(Record excerpts)

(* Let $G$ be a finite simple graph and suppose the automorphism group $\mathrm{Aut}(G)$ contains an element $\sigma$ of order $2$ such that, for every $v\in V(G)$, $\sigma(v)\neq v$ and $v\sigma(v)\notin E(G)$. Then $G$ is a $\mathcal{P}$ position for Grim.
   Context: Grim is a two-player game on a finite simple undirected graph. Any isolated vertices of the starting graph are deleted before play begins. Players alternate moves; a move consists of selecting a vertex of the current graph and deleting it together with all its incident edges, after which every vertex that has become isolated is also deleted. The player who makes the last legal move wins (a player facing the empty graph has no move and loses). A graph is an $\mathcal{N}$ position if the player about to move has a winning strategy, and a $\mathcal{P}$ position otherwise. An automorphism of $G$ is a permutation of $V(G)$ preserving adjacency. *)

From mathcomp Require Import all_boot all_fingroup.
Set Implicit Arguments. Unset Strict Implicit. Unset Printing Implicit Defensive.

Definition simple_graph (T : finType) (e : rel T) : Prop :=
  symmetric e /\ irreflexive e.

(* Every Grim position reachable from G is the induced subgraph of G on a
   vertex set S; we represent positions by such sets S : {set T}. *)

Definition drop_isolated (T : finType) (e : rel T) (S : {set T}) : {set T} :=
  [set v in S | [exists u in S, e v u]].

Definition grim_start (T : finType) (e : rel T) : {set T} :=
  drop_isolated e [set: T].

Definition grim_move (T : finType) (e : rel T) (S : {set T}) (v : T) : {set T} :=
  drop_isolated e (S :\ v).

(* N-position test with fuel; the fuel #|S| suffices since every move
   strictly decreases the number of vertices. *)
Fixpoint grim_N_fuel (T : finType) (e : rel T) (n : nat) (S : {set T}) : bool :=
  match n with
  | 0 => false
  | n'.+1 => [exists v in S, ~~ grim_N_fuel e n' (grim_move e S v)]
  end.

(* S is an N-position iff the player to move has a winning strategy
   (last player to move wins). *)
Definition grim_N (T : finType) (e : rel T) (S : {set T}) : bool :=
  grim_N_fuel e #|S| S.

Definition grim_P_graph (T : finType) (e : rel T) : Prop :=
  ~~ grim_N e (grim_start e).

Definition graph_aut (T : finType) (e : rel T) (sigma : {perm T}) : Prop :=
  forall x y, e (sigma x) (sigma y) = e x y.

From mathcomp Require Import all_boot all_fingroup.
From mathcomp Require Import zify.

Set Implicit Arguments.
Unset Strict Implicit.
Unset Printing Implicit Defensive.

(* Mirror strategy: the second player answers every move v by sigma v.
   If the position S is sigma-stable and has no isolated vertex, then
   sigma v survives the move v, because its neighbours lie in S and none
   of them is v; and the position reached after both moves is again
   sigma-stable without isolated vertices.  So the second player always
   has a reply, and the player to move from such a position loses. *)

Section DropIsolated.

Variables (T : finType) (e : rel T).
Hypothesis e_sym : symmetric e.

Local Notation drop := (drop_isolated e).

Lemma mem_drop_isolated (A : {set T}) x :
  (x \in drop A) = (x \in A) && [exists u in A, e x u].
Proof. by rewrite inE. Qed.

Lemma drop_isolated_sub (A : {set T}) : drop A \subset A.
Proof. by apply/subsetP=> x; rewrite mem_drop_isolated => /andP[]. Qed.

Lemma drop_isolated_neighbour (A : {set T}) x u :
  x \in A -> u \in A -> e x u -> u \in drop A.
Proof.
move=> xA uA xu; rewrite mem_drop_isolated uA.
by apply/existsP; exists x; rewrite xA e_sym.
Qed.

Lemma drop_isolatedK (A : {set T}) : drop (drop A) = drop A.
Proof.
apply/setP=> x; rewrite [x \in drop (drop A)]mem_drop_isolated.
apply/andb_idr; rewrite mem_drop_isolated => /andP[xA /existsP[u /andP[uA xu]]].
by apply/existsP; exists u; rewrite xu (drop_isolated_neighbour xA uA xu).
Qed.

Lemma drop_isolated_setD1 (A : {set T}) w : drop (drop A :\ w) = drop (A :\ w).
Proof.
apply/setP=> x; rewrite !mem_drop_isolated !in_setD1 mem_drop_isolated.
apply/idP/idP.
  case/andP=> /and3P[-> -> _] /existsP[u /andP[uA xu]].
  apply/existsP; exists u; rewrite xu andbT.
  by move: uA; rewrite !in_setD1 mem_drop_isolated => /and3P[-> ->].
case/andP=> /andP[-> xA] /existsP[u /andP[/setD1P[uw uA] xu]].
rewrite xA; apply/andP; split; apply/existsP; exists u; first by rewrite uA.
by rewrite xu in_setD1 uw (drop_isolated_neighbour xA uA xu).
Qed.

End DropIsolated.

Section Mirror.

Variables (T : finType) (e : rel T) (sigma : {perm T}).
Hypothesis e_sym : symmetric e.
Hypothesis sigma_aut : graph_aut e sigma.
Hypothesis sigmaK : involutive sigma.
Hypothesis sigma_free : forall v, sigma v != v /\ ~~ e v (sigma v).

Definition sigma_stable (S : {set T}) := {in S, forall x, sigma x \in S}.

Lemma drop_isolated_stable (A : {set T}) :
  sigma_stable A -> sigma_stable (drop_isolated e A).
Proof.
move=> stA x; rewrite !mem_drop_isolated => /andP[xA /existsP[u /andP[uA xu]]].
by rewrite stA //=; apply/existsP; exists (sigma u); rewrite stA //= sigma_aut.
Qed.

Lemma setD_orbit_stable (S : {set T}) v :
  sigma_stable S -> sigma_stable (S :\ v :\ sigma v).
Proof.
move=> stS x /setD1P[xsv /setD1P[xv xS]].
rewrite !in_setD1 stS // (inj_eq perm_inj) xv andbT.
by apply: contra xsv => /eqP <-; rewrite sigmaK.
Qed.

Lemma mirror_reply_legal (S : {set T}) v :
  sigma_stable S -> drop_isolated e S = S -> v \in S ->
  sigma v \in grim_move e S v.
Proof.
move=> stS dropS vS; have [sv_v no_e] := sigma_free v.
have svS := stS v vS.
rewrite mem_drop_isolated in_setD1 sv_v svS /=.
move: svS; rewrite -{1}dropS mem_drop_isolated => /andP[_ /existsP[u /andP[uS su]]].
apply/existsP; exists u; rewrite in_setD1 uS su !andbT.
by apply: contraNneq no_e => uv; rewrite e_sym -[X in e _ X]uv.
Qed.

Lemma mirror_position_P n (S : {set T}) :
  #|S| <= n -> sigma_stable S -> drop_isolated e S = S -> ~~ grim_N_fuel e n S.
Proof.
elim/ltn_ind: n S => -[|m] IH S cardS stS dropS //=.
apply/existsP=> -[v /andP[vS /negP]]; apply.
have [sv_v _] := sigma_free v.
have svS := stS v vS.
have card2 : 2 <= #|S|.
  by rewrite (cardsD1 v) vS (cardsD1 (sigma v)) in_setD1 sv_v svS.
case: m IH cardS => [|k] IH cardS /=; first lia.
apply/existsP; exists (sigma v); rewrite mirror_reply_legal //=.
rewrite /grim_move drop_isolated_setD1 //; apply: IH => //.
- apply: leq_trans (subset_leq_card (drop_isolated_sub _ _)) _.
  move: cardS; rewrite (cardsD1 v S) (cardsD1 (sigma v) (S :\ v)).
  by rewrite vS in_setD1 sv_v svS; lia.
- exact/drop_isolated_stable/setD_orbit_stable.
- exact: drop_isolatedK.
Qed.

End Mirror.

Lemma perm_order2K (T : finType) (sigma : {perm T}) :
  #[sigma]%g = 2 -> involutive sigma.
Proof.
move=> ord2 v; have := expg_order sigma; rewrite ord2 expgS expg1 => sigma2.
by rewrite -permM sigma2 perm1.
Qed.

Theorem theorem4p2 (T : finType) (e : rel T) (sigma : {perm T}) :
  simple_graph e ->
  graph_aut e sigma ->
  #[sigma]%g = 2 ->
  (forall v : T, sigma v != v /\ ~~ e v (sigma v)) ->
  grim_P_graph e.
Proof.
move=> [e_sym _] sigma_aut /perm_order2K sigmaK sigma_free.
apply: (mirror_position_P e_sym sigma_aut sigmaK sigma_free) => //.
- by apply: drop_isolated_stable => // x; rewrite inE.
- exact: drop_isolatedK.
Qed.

(End Record excerpts)
(Record excerpts)

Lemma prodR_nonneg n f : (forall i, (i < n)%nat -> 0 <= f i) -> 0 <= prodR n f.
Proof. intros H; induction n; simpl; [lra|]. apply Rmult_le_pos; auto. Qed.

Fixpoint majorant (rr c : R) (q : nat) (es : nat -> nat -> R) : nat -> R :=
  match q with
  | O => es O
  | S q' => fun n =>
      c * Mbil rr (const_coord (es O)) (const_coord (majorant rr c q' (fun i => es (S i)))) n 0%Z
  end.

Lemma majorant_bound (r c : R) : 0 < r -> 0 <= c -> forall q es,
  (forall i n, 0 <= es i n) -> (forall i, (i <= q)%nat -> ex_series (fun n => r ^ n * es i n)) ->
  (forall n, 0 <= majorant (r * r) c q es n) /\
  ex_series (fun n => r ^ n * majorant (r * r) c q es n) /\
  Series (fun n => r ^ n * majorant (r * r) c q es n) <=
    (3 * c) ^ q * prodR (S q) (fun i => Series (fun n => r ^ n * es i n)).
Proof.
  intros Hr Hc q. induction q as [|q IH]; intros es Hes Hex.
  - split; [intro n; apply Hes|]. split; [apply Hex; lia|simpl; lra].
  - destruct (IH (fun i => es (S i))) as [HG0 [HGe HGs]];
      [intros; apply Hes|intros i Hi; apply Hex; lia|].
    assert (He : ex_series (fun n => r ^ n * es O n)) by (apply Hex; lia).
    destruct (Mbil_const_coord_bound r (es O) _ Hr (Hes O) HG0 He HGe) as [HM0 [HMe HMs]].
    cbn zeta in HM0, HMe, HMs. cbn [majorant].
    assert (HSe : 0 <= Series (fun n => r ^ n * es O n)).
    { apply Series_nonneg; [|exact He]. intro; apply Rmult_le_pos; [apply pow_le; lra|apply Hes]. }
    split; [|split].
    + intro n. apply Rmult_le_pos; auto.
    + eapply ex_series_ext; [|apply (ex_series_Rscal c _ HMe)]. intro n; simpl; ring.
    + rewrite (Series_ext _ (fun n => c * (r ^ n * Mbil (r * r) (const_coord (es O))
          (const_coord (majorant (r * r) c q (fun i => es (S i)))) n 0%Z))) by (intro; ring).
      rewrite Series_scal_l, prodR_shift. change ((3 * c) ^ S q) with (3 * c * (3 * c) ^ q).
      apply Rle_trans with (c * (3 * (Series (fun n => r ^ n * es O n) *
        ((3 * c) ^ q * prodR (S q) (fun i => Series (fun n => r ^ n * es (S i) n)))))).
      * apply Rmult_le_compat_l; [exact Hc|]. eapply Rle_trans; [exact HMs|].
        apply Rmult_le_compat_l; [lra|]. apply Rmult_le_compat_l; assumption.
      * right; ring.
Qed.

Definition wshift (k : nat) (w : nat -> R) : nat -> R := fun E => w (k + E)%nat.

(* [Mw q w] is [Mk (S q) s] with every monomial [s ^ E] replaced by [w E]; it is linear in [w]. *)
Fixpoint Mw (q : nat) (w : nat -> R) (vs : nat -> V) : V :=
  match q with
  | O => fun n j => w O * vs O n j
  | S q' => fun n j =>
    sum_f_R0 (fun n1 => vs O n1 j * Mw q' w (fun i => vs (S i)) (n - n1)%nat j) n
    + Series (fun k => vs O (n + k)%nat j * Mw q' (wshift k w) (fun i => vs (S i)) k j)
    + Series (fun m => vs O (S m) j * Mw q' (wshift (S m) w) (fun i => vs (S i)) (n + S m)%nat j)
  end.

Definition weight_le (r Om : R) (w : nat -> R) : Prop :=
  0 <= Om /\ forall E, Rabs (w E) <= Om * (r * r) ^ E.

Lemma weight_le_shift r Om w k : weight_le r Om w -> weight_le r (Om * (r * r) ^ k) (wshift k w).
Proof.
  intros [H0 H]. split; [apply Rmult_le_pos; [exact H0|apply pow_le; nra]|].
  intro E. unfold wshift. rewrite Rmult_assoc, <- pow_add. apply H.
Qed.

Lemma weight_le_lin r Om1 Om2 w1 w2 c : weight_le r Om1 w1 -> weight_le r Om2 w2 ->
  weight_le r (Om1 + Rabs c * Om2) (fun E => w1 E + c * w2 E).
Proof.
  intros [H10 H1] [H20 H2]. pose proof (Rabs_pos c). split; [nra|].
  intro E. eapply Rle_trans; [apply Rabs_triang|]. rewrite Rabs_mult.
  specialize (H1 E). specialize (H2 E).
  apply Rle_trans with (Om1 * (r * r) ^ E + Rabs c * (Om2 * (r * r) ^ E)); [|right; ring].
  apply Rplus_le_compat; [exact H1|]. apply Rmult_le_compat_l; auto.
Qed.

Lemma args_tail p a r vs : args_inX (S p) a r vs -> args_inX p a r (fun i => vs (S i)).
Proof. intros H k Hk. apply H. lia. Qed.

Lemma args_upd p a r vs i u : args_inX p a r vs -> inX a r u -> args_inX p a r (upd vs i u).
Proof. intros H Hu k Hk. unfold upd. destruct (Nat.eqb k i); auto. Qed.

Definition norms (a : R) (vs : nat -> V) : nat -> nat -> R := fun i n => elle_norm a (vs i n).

(End Record excerpts)

Among the lines above, find each one containing the string "induction" and copy it.

### [Expected answer]
Proof. intros H; induction n; simpl; [lra|]. apply Rmult_le_pos; auto. Qed.
  intros Hr Hc q. induction q as [|q IH]; intros es Hes Hex.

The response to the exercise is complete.